## WHAT IS NEEDED
Copy word for word, please, the lines of the entries below running from the one containing "rewrite /outdeg -!big_split" to the one containing "have aA : a", both ends included.

Dataset items:
┌────────
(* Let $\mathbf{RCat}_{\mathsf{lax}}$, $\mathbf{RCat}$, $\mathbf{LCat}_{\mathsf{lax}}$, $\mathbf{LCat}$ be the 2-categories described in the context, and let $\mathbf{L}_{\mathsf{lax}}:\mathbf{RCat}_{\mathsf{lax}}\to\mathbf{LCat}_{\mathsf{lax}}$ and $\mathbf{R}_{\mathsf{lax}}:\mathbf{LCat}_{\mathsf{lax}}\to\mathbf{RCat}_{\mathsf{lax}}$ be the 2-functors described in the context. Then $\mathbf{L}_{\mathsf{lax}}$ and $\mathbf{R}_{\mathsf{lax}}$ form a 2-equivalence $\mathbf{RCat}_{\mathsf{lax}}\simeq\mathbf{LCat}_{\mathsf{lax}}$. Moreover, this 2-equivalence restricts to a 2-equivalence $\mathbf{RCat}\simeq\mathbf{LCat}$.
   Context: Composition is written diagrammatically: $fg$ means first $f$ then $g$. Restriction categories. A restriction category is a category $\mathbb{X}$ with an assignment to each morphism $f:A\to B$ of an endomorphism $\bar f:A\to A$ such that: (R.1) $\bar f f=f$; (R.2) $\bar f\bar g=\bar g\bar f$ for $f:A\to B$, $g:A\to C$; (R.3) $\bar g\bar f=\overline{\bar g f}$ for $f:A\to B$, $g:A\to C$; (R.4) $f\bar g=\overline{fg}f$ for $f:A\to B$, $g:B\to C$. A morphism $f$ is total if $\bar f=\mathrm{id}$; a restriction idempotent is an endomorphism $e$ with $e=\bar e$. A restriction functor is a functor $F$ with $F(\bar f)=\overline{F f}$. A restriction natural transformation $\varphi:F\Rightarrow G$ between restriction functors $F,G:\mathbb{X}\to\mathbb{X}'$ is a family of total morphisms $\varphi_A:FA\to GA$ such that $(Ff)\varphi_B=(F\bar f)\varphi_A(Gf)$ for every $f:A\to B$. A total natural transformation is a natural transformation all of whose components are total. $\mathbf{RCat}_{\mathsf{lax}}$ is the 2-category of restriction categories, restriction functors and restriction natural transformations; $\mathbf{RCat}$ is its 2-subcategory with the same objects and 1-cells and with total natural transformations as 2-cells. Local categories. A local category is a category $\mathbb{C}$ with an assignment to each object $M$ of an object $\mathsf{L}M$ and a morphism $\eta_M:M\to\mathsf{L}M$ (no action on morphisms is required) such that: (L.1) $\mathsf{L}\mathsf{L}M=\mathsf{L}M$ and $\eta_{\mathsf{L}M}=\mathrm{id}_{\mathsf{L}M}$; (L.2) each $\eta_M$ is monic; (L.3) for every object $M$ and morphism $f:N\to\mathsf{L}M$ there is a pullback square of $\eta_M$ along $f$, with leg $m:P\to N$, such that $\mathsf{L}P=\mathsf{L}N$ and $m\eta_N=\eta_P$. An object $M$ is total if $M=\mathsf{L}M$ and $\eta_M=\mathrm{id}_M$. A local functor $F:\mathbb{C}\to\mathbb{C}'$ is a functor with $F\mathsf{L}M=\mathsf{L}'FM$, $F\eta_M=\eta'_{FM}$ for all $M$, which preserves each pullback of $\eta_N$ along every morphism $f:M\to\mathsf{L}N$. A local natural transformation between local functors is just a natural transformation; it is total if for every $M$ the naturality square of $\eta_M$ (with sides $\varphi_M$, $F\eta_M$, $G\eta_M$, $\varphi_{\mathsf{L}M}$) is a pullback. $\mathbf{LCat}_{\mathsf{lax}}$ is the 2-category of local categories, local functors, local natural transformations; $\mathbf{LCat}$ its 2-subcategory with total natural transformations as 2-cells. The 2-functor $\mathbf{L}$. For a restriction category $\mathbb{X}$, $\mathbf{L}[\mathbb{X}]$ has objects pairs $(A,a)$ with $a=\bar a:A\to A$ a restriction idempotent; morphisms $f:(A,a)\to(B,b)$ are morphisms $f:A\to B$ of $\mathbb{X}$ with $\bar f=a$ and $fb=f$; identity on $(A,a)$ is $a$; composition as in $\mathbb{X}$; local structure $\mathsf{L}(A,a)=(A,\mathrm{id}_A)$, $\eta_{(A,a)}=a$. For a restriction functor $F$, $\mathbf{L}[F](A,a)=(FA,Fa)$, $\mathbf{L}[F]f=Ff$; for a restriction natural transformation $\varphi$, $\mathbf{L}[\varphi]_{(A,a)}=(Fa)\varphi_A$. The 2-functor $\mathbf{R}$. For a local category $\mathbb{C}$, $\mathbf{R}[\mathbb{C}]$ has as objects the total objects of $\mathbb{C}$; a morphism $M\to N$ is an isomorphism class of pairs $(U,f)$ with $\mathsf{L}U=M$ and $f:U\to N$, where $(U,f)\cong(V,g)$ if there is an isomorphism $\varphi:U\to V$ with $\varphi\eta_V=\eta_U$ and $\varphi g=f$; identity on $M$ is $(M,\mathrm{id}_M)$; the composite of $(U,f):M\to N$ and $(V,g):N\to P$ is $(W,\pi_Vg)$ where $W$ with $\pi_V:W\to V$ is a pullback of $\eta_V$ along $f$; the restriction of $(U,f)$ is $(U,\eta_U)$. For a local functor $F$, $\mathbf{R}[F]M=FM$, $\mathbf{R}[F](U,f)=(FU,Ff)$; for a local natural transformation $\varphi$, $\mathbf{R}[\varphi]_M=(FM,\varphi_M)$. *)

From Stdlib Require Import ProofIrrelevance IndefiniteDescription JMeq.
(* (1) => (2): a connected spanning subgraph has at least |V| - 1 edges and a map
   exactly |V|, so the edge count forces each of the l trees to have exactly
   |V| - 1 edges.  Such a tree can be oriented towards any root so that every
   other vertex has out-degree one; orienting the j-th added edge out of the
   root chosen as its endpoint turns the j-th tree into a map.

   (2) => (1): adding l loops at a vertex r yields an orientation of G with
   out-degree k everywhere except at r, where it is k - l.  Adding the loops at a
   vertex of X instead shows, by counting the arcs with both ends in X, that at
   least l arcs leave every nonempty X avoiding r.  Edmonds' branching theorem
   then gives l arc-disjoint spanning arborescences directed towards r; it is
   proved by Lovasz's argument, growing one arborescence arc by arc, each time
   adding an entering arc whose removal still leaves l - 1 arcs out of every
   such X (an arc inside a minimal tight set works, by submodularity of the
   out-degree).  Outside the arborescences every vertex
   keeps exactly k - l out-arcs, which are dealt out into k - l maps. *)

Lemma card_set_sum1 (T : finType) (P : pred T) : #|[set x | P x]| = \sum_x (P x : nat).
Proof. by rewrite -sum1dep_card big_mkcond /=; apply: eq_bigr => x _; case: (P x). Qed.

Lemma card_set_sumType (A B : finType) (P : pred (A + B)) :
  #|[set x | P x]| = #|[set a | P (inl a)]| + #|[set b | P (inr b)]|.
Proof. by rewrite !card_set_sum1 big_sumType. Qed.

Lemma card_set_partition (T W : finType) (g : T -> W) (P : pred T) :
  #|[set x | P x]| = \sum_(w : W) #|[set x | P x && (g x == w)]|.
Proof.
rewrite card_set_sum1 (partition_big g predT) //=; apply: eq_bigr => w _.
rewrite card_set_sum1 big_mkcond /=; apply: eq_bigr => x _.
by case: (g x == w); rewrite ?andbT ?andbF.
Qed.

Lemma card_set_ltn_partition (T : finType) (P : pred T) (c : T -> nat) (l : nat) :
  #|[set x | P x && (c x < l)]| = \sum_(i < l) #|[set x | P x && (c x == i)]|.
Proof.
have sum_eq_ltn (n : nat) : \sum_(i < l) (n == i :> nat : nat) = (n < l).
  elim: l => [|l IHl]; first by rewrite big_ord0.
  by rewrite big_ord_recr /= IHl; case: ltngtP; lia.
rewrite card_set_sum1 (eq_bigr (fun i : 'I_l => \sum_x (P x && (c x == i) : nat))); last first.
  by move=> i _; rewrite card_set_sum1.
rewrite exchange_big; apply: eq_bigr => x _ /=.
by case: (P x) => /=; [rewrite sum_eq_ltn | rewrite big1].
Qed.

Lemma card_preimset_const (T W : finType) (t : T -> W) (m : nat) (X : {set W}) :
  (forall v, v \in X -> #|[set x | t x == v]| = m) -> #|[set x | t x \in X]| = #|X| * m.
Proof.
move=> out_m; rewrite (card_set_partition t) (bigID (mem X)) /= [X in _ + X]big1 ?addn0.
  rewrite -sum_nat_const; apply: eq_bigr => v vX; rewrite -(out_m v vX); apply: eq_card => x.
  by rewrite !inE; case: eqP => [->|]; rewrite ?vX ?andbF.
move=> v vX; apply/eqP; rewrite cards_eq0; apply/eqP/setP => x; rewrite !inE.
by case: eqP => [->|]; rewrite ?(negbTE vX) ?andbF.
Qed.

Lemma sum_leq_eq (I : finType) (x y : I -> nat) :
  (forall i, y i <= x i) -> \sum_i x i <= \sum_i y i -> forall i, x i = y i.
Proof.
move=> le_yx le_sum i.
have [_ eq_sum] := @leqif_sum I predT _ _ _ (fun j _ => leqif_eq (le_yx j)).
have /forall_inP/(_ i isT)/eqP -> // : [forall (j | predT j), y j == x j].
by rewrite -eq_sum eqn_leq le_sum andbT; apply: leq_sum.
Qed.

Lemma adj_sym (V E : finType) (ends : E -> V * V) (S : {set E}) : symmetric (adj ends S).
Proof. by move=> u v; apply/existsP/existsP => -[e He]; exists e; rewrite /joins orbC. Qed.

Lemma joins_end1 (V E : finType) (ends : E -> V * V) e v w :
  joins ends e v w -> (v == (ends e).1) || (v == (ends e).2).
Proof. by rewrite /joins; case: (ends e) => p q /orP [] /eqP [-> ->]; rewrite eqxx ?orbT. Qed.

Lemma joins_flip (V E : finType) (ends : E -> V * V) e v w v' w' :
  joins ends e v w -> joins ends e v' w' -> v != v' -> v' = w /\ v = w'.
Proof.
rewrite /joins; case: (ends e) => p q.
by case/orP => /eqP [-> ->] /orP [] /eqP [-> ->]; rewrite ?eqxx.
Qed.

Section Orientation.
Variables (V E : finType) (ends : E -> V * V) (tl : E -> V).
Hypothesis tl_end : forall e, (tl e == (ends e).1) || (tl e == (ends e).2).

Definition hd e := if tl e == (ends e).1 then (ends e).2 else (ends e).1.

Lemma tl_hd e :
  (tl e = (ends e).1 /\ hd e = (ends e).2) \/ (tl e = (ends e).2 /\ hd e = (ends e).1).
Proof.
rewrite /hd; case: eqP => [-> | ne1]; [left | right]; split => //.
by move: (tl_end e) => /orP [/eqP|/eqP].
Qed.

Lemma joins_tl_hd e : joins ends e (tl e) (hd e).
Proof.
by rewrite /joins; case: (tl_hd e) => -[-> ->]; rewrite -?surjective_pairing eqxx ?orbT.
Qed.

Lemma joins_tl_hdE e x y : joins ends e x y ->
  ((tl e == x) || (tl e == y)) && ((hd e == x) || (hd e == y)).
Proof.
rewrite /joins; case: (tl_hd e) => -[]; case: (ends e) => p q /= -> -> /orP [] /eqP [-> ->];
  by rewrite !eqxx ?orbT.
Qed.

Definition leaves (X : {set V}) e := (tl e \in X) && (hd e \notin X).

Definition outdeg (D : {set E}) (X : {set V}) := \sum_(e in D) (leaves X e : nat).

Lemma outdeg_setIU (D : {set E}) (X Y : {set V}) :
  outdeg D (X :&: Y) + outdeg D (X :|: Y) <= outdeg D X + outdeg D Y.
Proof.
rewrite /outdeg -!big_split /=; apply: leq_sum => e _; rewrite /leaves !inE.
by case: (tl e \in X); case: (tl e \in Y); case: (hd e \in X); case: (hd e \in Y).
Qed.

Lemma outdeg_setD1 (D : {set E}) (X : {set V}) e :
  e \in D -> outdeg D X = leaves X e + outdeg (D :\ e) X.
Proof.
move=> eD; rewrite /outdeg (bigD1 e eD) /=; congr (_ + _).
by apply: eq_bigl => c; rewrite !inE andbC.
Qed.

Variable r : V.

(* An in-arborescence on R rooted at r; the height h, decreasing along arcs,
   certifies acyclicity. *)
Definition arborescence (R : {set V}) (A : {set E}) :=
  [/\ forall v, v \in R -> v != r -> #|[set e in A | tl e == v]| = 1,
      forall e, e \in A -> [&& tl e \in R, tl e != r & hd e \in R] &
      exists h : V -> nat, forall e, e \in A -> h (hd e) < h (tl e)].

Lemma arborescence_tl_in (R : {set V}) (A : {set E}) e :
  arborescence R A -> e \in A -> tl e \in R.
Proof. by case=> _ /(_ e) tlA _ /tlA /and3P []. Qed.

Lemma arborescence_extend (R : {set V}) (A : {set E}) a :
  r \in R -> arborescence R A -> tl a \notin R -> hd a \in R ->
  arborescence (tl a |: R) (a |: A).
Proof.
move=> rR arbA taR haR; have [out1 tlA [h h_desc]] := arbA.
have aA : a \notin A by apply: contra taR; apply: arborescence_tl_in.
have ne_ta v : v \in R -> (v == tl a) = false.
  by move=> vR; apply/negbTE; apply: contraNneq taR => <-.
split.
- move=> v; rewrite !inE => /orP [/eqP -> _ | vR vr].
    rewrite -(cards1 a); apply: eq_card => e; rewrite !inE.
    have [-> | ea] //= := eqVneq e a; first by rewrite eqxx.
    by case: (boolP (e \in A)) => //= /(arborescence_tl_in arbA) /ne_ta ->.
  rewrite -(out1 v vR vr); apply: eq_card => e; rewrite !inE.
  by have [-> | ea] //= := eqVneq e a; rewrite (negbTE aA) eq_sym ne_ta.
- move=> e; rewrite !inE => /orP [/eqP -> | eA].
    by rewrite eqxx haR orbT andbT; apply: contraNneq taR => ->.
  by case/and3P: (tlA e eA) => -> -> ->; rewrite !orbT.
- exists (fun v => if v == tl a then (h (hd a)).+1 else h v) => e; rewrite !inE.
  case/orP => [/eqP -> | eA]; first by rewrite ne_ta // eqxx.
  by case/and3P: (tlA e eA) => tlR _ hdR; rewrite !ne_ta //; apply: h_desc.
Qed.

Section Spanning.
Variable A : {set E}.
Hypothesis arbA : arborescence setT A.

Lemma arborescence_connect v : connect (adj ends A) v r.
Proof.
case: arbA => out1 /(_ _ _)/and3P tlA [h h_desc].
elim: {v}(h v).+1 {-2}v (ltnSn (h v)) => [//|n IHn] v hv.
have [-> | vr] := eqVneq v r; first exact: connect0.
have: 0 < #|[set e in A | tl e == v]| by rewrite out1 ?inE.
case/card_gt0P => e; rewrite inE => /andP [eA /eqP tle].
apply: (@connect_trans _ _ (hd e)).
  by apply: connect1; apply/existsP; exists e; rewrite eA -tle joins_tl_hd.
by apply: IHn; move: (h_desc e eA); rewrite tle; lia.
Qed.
└────────
## ANSWER SECTION
rewrite /outdeg -!big_split /=; apply: leq_sum => e _; rewrite /leaves !inE.
by case: (tl e \in X); case: (tl e \in Y); case: (hd e \in X); case: (hd e \in Y).
Qed.

Lemma outdeg_setD1 (D : {set E}) (X : {set V}) e :
  e \in D -> outdeg D X = leaves X e + outdeg (D :\ e) X.
Proof.
move=> eD; rewrite /outdeg (bigD1 e eD) /=; congr (_ + _).
by apply: eq_bigl => c; rewrite !inE andbC.
Qed.

Variable r : V.

(* An in-arborescence on R rooted at r; the height h, decreasing along arcs,
   certifies acyclicity. *)
Definition arborescence (R : {set V}) (A : {set E}) :=
  [/\ forall v, v \in R -> v != r -> #|[set e in A | tl e == v]| = 1,
      forall e, e \in A -> [&& tl e \in R, tl e != r & hd e \in R] &
      exists h : V -> nat, forall e, e \in A -> h (hd e) < h (tl e)].

Lemma arborescence_tl_in (R : {set V}) (A : {set E}) e :
  arborescence R A -> e \in A -> tl e \in R.
Proof. by case=> _ /(_ e) tlA _ /tlA /and3P []. Qed.

Lemma arborescence_extend (R : {set V}) (A : {set E}) a :
  r \in R -> arborescence R A -> tl a \notin R -> hd a \in R ->
  arborescence (tl a |: R) (a |: A).
Proof.
move=> rR arbA taR haR; have [out1 tlA [h h_desc]] := arbA.
have aA : a \notin A by apply: contra taR; apply: arborescence_tl_in.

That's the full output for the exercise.